**Data to process**

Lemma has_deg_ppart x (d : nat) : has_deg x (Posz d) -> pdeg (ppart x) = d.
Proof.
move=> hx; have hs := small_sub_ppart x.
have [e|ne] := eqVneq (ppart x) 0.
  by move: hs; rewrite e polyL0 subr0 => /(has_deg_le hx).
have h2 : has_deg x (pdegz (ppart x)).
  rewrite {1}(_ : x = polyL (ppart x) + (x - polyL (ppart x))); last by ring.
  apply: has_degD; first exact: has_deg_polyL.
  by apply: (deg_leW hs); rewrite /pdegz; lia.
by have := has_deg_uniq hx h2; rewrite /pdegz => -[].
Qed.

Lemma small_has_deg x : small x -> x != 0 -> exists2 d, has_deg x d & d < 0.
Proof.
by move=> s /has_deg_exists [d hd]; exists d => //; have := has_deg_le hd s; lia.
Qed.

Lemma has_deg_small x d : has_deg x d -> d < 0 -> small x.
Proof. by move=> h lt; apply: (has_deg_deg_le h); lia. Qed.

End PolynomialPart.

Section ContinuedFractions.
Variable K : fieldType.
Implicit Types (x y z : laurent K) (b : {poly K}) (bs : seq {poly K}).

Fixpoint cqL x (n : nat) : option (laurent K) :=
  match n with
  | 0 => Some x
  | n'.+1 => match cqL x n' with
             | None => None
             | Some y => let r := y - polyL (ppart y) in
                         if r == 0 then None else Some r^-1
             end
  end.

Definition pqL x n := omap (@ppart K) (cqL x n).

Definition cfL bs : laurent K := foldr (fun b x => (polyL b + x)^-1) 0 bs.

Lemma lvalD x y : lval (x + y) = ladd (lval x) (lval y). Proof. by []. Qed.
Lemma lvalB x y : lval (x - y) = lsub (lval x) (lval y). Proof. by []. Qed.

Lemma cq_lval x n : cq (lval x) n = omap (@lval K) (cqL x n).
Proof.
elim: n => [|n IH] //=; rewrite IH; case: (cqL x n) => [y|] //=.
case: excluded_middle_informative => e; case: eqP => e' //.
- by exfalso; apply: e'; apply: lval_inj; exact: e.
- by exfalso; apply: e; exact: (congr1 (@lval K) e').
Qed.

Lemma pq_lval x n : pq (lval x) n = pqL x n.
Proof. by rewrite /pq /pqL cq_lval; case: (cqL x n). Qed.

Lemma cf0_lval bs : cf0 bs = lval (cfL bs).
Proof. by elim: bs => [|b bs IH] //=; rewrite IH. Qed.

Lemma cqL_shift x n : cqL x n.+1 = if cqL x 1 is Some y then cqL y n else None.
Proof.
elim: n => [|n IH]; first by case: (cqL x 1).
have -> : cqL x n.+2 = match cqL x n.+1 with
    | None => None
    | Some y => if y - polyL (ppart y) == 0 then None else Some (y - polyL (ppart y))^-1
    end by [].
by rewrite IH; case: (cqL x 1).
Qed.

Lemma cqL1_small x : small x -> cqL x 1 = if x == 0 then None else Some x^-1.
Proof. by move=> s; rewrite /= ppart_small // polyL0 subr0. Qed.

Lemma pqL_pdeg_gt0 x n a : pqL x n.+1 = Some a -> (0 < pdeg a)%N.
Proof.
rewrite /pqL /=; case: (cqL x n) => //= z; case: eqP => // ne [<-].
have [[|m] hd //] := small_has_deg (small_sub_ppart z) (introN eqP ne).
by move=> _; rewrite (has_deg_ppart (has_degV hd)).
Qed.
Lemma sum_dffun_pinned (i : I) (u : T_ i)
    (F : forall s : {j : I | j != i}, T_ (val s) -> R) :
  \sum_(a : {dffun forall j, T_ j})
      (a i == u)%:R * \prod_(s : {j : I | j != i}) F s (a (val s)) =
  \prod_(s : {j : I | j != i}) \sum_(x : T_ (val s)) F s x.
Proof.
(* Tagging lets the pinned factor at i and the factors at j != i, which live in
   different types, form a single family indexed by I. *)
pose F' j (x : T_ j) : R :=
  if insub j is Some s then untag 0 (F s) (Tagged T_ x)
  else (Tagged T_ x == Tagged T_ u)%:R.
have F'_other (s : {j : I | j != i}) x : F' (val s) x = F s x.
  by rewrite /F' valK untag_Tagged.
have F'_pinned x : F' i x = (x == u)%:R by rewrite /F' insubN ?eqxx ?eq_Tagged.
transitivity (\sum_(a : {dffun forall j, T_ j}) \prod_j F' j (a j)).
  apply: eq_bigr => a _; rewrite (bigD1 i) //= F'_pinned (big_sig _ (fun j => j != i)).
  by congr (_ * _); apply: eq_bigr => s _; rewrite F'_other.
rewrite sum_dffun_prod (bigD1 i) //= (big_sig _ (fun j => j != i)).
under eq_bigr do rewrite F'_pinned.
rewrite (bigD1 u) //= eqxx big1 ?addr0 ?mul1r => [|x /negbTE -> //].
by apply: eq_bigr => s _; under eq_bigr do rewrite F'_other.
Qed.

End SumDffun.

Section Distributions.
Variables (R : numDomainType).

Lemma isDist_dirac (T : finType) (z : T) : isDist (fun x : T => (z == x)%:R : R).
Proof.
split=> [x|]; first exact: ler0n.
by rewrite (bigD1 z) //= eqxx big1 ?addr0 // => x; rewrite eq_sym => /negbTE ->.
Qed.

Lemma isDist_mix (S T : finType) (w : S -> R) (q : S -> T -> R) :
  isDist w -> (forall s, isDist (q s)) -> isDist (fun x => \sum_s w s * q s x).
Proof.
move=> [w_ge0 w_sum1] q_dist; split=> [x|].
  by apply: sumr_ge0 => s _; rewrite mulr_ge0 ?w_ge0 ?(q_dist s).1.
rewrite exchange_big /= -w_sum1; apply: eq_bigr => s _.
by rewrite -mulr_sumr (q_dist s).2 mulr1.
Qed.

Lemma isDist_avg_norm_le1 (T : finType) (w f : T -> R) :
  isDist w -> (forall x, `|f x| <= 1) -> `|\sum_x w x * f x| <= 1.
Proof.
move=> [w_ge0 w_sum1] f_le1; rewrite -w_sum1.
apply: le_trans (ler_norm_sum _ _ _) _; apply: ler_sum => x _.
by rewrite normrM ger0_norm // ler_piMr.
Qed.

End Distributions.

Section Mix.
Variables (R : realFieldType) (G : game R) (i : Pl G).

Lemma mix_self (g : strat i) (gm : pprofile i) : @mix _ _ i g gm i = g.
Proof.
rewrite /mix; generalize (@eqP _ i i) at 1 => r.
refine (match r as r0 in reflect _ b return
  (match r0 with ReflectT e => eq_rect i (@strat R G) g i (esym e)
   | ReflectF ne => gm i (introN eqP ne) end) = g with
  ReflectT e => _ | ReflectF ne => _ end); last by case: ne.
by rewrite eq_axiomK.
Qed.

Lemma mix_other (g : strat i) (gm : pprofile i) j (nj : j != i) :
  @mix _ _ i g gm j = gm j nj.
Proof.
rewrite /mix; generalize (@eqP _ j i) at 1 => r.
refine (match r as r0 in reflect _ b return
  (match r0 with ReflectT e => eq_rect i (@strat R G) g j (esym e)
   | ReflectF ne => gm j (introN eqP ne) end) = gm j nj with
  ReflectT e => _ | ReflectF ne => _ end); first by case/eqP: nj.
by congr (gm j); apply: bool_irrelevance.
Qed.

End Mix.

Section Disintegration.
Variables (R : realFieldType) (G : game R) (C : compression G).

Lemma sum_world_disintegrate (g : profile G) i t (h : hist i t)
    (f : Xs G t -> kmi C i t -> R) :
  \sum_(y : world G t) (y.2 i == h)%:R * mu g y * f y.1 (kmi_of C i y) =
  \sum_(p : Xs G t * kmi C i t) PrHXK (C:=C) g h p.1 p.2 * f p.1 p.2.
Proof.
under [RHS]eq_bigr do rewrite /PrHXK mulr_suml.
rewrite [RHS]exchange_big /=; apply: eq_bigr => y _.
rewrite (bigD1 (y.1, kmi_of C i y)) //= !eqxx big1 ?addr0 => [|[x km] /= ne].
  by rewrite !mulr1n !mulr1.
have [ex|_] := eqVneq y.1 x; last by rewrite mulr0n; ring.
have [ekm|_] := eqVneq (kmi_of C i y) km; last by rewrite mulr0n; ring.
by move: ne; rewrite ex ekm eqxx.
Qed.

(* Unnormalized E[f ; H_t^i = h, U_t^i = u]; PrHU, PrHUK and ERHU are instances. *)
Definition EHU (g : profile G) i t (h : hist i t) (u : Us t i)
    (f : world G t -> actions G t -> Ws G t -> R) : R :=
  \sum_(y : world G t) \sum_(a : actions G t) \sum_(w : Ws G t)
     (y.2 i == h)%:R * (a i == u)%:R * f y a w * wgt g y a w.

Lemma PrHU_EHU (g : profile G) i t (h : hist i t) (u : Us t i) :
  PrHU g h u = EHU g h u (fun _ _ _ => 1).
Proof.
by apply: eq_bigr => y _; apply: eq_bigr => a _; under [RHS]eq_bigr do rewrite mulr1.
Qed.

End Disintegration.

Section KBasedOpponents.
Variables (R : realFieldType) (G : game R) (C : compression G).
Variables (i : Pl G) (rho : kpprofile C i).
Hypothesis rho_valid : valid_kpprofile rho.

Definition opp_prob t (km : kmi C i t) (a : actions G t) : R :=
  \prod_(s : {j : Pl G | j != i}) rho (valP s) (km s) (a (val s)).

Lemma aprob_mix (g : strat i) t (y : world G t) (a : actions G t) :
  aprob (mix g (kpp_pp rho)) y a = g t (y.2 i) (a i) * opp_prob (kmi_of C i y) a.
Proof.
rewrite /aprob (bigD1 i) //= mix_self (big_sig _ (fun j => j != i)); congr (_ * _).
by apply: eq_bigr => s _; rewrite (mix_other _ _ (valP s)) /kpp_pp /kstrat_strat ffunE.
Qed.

==

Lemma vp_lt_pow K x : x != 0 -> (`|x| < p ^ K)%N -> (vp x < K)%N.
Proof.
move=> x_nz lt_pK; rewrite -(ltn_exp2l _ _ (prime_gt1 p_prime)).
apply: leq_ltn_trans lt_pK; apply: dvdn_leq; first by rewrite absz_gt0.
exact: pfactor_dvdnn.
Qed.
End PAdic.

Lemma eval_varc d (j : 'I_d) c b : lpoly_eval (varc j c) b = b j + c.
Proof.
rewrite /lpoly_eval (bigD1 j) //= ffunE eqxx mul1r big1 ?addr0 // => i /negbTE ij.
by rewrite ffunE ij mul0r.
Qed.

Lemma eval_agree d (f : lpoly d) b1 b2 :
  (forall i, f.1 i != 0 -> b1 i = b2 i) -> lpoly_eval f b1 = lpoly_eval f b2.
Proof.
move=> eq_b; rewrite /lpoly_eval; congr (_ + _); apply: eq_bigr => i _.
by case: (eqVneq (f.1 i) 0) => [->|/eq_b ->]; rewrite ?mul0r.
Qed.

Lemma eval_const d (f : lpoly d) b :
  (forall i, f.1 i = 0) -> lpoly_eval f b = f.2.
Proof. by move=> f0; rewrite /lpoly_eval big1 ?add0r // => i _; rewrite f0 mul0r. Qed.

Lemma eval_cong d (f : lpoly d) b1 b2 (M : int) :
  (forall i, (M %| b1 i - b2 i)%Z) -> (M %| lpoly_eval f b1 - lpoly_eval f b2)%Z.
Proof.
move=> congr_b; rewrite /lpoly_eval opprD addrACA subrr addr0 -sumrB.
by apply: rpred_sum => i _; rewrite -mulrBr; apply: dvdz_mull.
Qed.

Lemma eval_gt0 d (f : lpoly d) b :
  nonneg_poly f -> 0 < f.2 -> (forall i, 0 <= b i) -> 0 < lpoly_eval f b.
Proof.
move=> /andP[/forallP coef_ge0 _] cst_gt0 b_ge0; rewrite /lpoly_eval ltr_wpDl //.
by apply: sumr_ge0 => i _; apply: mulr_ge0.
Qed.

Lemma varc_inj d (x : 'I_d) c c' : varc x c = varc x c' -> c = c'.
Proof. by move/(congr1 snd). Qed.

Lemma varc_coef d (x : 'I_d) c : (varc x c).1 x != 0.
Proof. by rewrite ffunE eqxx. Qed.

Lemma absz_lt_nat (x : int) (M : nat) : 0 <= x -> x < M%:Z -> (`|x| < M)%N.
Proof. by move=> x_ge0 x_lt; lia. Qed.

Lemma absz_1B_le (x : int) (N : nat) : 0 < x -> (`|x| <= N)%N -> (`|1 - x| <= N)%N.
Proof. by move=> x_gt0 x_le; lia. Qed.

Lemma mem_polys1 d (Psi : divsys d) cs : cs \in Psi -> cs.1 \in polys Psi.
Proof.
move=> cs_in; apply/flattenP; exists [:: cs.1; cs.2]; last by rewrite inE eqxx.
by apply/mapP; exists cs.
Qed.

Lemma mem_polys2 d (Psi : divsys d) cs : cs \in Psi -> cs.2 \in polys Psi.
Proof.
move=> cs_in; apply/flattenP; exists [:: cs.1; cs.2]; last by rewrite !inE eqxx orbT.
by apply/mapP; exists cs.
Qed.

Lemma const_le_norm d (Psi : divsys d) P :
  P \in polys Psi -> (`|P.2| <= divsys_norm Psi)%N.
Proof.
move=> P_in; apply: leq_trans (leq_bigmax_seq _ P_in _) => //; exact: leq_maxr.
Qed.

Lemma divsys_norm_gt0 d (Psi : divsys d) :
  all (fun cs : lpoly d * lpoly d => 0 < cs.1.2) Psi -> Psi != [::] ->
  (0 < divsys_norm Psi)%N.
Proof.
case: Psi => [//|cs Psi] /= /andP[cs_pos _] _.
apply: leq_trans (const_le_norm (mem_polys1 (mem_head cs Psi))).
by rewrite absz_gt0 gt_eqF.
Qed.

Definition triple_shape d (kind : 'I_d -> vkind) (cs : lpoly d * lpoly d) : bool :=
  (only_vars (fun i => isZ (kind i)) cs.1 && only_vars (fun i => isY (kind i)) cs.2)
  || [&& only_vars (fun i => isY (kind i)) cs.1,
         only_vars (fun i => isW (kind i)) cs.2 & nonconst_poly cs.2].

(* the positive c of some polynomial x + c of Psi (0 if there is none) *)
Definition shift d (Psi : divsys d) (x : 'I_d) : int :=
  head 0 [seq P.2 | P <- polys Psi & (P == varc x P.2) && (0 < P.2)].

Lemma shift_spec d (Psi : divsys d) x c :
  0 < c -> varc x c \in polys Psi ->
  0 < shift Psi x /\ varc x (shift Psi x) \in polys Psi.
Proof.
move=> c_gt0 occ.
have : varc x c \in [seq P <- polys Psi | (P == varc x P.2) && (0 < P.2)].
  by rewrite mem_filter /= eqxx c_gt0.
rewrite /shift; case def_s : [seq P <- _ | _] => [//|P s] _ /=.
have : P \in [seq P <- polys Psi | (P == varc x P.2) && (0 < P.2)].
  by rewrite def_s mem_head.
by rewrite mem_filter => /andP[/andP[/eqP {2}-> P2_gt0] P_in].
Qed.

**Exercise brief**
In the entries above, the lines from the one bearing "Variables (R : numDomainType)." up to and including the one bearing "move=> [w_ge0 w_sum1] f_le1; rewrite -w_sum1." should be transcribed exactly; no other line is wanted.

**Task answer**
Variables (R : numDomainType).

Lemma isDist_dirac (T : finType) (z : T) : isDist (fun x : T => (z == x)%:R : R).
Proof.
split=> [x|]; first exact: ler0n.
by rewrite (bigD1 z) //= eqxx big1 ?addr0 // => x; rewrite eq_sym => /negbTE ->.
Qed.

Lemma isDist_mix (S T : finType) (w : S -> R) (q : S -> T -> R) :
  isDist w -> (forall s, isDist (q s)) -> isDist (fun x => \sum_s w s * q s x).
Proof.
move=> [w_ge0 w_sum1] q_dist; split=> [x|].
  by apply: sumr_ge0 => s _; rewrite mulr_ge0 ?w_ge0 ?(q_dist s).1.
rewrite exchange_big /= -w_sum1; apply: eq_bigr => s _.
by rewrite -mulr_sumr (q_dist s).2 mulr1.
Qed.

Lemma isDist_avg_norm_le1 (T : finType) (w f : T -> R) :
  isDist w -> (forall x, `|f x| <= 1) -> `|\sum_x w x * f x| <= 1.
Proof.
move=> [w_ge0 w_sum1] f_le1; rewrite -w_sum1.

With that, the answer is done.